THE TASK. Look below for the line that has "move=> [b [b0 Hb]] Ha; apply/eqP => a0.". Set down the lines from there through the line that has "Definition nrm (H", exactly as written.

^^^^^^^^

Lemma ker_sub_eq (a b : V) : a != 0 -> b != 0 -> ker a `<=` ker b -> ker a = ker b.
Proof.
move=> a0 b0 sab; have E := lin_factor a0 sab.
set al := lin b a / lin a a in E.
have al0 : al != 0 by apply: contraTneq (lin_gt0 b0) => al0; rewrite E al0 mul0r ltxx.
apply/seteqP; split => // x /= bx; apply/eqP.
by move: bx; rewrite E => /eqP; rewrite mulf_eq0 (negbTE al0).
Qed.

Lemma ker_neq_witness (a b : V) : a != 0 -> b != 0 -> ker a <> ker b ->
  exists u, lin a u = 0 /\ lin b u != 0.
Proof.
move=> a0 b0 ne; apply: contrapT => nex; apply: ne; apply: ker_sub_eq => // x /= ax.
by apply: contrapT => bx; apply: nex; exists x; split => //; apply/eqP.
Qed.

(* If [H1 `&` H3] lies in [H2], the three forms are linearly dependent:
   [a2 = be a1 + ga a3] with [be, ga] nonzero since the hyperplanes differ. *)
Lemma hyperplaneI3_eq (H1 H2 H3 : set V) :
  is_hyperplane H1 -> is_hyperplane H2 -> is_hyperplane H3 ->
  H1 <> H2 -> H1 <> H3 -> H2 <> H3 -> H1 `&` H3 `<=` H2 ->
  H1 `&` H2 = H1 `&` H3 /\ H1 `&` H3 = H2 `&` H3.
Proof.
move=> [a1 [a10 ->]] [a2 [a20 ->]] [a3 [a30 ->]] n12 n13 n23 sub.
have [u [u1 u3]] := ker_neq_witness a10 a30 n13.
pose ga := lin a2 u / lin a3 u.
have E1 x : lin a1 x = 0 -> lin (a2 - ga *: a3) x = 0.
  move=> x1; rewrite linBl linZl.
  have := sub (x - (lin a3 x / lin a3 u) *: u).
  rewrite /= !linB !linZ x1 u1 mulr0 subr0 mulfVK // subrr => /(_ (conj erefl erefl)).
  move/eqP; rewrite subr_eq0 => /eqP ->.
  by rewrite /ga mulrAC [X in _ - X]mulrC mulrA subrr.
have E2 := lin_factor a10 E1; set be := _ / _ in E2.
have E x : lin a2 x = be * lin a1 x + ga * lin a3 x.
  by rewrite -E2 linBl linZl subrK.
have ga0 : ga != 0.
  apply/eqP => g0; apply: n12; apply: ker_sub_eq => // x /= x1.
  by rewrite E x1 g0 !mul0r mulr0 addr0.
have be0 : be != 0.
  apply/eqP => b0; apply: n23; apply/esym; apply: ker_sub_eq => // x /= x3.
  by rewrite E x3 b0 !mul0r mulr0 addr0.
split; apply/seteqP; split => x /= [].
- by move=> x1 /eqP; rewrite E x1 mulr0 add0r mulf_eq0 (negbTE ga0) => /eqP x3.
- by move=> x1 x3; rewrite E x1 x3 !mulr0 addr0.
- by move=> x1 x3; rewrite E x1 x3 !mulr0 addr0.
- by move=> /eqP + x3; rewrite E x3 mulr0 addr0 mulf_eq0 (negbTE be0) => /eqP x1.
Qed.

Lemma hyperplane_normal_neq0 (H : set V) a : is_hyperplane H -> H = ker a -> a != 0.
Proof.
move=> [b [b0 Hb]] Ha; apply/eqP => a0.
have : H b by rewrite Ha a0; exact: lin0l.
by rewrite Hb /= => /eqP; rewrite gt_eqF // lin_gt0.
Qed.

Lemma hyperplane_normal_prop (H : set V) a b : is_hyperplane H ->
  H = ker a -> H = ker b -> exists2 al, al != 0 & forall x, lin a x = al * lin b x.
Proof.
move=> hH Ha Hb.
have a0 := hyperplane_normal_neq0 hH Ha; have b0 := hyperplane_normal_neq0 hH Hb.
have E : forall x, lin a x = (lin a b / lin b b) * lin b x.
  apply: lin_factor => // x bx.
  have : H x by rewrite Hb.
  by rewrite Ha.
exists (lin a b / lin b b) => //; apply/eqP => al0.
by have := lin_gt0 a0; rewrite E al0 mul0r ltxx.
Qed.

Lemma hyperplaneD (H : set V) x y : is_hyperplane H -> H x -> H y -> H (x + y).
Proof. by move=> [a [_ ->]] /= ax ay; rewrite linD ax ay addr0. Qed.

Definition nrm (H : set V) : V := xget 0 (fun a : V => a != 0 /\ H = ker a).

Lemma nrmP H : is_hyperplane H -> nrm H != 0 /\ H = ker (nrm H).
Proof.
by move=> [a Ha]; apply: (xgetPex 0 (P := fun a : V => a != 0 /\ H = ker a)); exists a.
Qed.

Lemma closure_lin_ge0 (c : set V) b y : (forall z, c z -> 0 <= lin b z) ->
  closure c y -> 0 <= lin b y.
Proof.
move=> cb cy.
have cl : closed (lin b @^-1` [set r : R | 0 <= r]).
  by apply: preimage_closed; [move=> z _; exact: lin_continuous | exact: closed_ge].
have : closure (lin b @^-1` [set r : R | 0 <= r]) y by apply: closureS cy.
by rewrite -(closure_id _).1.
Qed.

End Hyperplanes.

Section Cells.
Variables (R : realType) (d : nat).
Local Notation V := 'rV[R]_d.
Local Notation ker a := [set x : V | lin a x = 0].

^^^^^^^^

YOUR RESPONSE.
move=> [b [b0 Hb]] Ha; apply/eqP => a0.
have : H b by rewrite Ha a0; exact: lin0l.
by rewrite Hb /= => /eqP; rewrite gt_eqF // lin_gt0.
Qed.

Lemma hyperplane_normal_prop (H : set V) a b : is_hyperplane H ->
  H = ker a -> H = ker b -> exists2 al, al != 0 & forall x, lin a x = al * lin b x.
Proof.
move=> hH Ha Hb.
have a0 := hyperplane_normal_neq0 hH Ha; have b0 := hyperplane_normal_neq0 hH Hb.
have E : forall x, lin a x = (lin a b / lin b b) * lin b x.
  apply: lin_factor => // x bx.
  have : H x by rewrite Hb.
  by rewrite Ha.
exists (lin a b / lin b b) => //; apply/eqP => al0.
by have := lin_gt0 a0; rewrite E al0 mul0r ltxx.
Qed.

Lemma hyperplaneD (H : set V) x y : is_hyperplane H -> H x -> H y -> H (x + y).
Proof. by move=> [a [_ ->]] /= ax ay; rewrite linD ax ay addr0. Qed.

Definition nrm (H : set V) : V := xget 0 (fun a : V => a != 0 /\ H = ker a).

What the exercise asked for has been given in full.